**Exercise instructions**: A single number is the answer here: the count of lines in the data below that include the word "Arguments".
*** Data records Section Begins ***
(* In the setting below, assume $\|\nabla f_i(x)\|\le G_i$ for all $x$ and $i$. For arbitrary permutations $\sigma_k$ and any $\eta>0$, there is an absolute constant $C>0$ such that: (i) with $\eta_k=\frac{\eta}{\sqrt k}$ for $k\in[K]$, $F(x_{K+1})-F_*\le C\left(\frac{D^2}{n\eta}+n\eta\bar G^2(1+\log K)\right)\frac1{\sqrt K}$; (ii) with $\eta_k=\frac{\eta}{\sqrt K}$ for $k\in[K]$, $F(x_{K+1})-F_*\le C\left(\frac{D^2}{n\eta}+n\eta\bar G^2(1+\log K)\right)\frac1{\sqrt K}$; (iii) with $\eta_k=\eta\frac{K-k+1}{K^{3/2}}$ for $k\in[K]$, $F(x_{K+1})-F_*\le C\left(\frac{D^2}{n\eta}+n\eta\bar G^2\right)\frac1{\sqrt K}$. In particular, with $\eta=\frac{D}{n\bar G}$ in (iii), $F(x_{K+1})-F_*\le 2C\frac{\bar GD}{\sqrt K}$.
   Context: Setting. Let $n,d\in\mathbb N$, let $f_1,\dots,f_n:\mathbb R^d\to\mathbb R$ be convex, $f=\frac1n\sum_{i=1}^nf_i$, let $\psi:\mathbb R^d\to\mathbb R\cup\{+\infty\}$ be proper, closed and convex, and $F=f+\psi$. For a convex function $g$, $\nabla g(x)$ denotes an element of $\partial g(x)$ (for each $f_i$ a fixed selection of subgradients, the same one used in the algorithm). Assume there is $x_*\in\mathbb R^d$ with $F(x_* )=\inf_{x}F(x)\in\mathbb R$; write $F_*=F(x_* )$. Proximal shuffling gradient method: given $x_1\in\mathrm{dom}\,\psi$, a number of epochs $K\ge2$ and stepsizes $\eta_k>0$, for $k=1,\dots,K$: choose a permutation $\sigma_k=(\sigma_k^1,\dots,\sigma_k^n)$ of $[n]=\{1,\dots,n\}$; set $x_k^1=x_k$ and $x_k^{i+1}=x_k^i-\eta_k\nabla f_{\sigma_k^i}(x_k^i)$ for $i=1,\dots,n$; set $x_{k+1}=\arg\min_{x\in\mathbb R^d}\{n\psi(x)+\frac{1}{2\eta_k}\|x-x_k^{n+1}\|^2\}$. $D=\|x_*-x_1\|$; $\|\cdot\|$ is the Euclidean norm; $\log$ is natural. Lipschitz condition: constants $G_i>0$ with $\|\nabla f_i(x)\|\le G_i$ for all $x\in\mathbb R^d$, $i\in[n]$ (for every subgradient); $\bar G=\frac1n\sum_{i=1}^nG_i$. *)

From HB Require Import structures.
From mathcomp Require Import all_boot all_order all_algebra all_fingroup.
From mathcomp Require Import all_classical all_reals all_analysis.
From mathcomp Require Import Rstruct Rstruct_topology.
Set Implicit Arguments. Unset Strict Implicit. Unset Printing Implicit Defensive.
Import Order.TTheory GRing.Theory Num.Theory.
Local Open Scope classical_set_scope.
Local Open Scope ring_scope.

Notation RR := Rdefinitions.R.

Notation vec d := 'rV[RR]_d.

Definition dot {d : nat} (u v : vec d) : RR := \sum_(i < d) u 0 i * v 0 i.
Definition enorm {d : nat} (v : vec d) : RR := Num.sqrt (dot v v).

Definition convex_fun {d : nat} (h : vec d -> RR) : Prop :=
  forall (x y : vec d) (t : RR), 0 <= t <= 1 ->
    h (t *: x + (1 - t) *: y) <= t * h x + (1 - t) * h y.

Definition subgrad {d : nat} (h : vec d -> RR) (x v : vec d) : Prop :=
  forall y : vec d, h x + dot v (y - x) <= h y.

Definition proper_ext {d : nat} (psi : vec d -> \bar RR) : Prop :=
  (forall x, (-oo < psi x)%E) /\ (exists x, (psi x < +oo)%E).

Definition convex_ext {d : nat} (psi : vec d -> \bar RR) : Prop :=
  forall (x y : vec d) (t : RR), 0 <= t <= 1 ->
    (psi (t *: x + (1 - t) *: y)%R <= t%:E * psi x + (1 - t)%:E * psi y)%E.

(* closed = the epigraph is closed (sequential form, Euclidean topology) *)
Definition closed_ext {d : nat} (psi : vec d -> \bar RR) : Prop :=
  forall (u : nat -> vec d) (a : nat -> RR) (z : vec d) (b : RR),
    (forall k, (psi (u k) <= (a k)%:E)%E) ->
    (fun k => enorm (u k - z)) @ \oo --> (0 : RR) ->
    a @ \oo --> b ->
    (psi z <= b%:E)%E.

Definition inner_pass {n d : nat} (g : 'I_n -> vec d -> vec d) (eta : RR)
  (s : {perm 'I_n}) (x : vec d) : vec d :=
  foldl (fun y i => y - eta *: g (s i) y) x (enum 'I_n).

Definition is_prox {d : nat} (n : nat) (psi : vec d -> \bar RR) (eta : RR)
  (y z : vec d) : Prop :=
  forall w : vec d,
    ((n%:R)%:E * psi z + (enorm (z - y)%R ^+ 2 / (2 * eta))%:E
      <= (n%:R)%:E * psi w + (enorm (w - y)%R ^+ 2 / (2 * eta))%:E)%E.

(* x : nat -> vec d is the sequence of epoch iterates x_1, ..., x_{K+1} of the
   proximal shuffling gradient method with stepsizes eta_k and permutations
   sigma_k (indices k start at 1). *)
Definition prox_shuffling_run {n d : nat} (g : 'I_n -> vec d -> vec d)
  (psi : vec d -> \bar RR) (K : nat) (eta : nat -> RR)
  (sigma : nat -> {perm 'I_n}) (x1 : vec d) (x : nat -> vec d) : Prop :=
  x 1%N = x1 /\
  forall k : nat, (1 <= k <= K)%N ->
    is_prox n psi (eta k) (inner_pass g (eta k) (sigma k) (x k)) (x k.+1).

Definition favg {n d : nat} (f : 'I_n -> vec d -> RR) (x : vec d) : RR :=
  (n%:R)^-1 * \sum_(i < n) f i x.

Definition Fobj {n d : nat} (f : 'I_n -> vec d -> RR)
  (psi : vec d -> \bar RR) (x : vec d) : \bar RR :=
  ((favg f x)%:E + psi x)%E.

From HB Require Import structures.
From mathcomp Require Import all_boot all_order all_algebra all_fingroup.
From mathcomp Require Import all_classical all_reals all_analysis.
From mathcomp Require Import Rstruct Rstruct_topology.
From mathcomp Require Import ring lra.
Import Order.TTheory GRing.Theory Num.Theory.
Set Implicit Arguments. Unset Strict Implicit.
Local Open Scope ring_scope.

(* An epoch moves the iterate by at most eta_k * sum_i G_i, so the subgradient
   inequalities of the f_i taken along the epoch transfer to its starting point;
   with the three-point property of the prox this makes every epoch one step of
   a proximal subgradient method for F with stepsize gamma_k = n eta_k, up to an
   error 2 Gbar^2 gamma_k^2:
     gamma_k (F(x_{k+1}) - F(z)) <= (|x_k - z|^2 - |x_{k+1} - z|^2) / 2 + 2 Gbar^2 gamma_k^2
   for every z in dom psi.  Comparing x_{k+1} with the convex combinations
     z_k = (gamma_k / S_k) x_{k+1} + (S_{k+1} / S_k) z_{k-1},   z_0 = x_*,
   of past iterates, where S_k = gamma_k + ... + gamma_K, the potential
   |x_k - z_{k-1}|^2 / (2 S_k) + F(z_{k-1}) - F_* increases by at most
   2 Gbar^2 gamma_k^2 / S_k per epoch, which yields the last-iterate bound
     F(x_{K+1}) - F_* <= D^2 / (2 S_1) + 2 Gbar^2 sum_k gamma_k^2 / S_k.
   For the three schedules S_k is bounded below by an explicit multiple of
   (K - k + 1) / sqrt K (resp. (K - k + 1)^2 / K^{3/2}), and the sum is at most
   a harmonic sum, hence O(log K), for (i) and (ii), and O(1) for (iii). *)

Section EuclideanGeometry.
Variable d : nat.
Implicit Types u v w : vec d.

Lemma dotC u v : dot u v = dot v u.
Proof. by apply: eq_bigr => i _; rewrite mulrC. Qed.

Lemma dotDl u v w : dot (u + v) w = dot u w + dot v w.
Proof. by rewrite /dot -big_split; apply: eq_bigr => i _; rewrite !mxE mulrDl. Qed.

Lemma dotZl (a : RR) u v : dot (a *: u) v = a * dot u v.
Proof. by rewrite /dot mulr_sumr; apply: eq_bigr => i _; rewrite !mxE mulrA. Qed.

Lemma dotNl u v : dot (- u) v = - dot u v.
Proof. by rewrite -scaleN1r dotZl mulN1r. Qed.

Lemma dotBl u v w : dot (u - v) w = dot u w - dot v w.
Proof. by rewrite dotDl dotNl. Qed.

Lemma dotDr u v w : dot w (u + v) = dot w u + dot w v.
Proof. by rewrite dotC dotDl !(dotC w). Qed.

Lemma dotZr (a : RR) u v : dot v (a *: u) = a * dot v u.
Proof. by rewrite dotC dotZl dotC. Qed.

Lemma dotNr u v : dot v (- u) = - dot v u.
Proof. by rewrite dotC dotNl dotC. Qed.

Lemma dotBr u v w : dot w (u - v) = dot w u - dot w v.
Proof. by rewrite dotDr dotNr. Qed.

Lemma dotNN u : dot (- u) (- u) = dot u u.
Proof. by rewrite dotNl dotNr opprK. Qed.

Lemma dotZZ (a : RR) u : dot (a *: u) (a *: u) = a ^+ 2 * dot u u.
Proof. by rewrite dotZl dotZr mulrA expr2. Qed.

Lemma dotDD u v : dot (u + v) (u + v) = dot u u + 2 * dot u v + dot v v.
Proof. by rewrite dotDl !dotDr (dotC v u); ring. Qed.

Lemma dotvv_ge0 u : 0 <= dot u u.
Proof. by rewrite sumr_ge0 // => i _; rewrite -expr2 sqr_ge0. Qed.

Lemma dotvv_eq0 u : dot u u = 0 -> u = 0.
Proof.
move=> /eqP; rewrite psumr_eq0 => [/allP u0|i _]; last by rewrite -expr2 sqr_ge0.
apply/matrixP => i j; rewrite !mxE (ord1 i).
by have /implyP/(_ isT) := u0 j (mem_index_enum j); rewrite mulf_eq0 orbb => /eqP.
Qed.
*** Data records Section Ends ***
**Answer space**: 2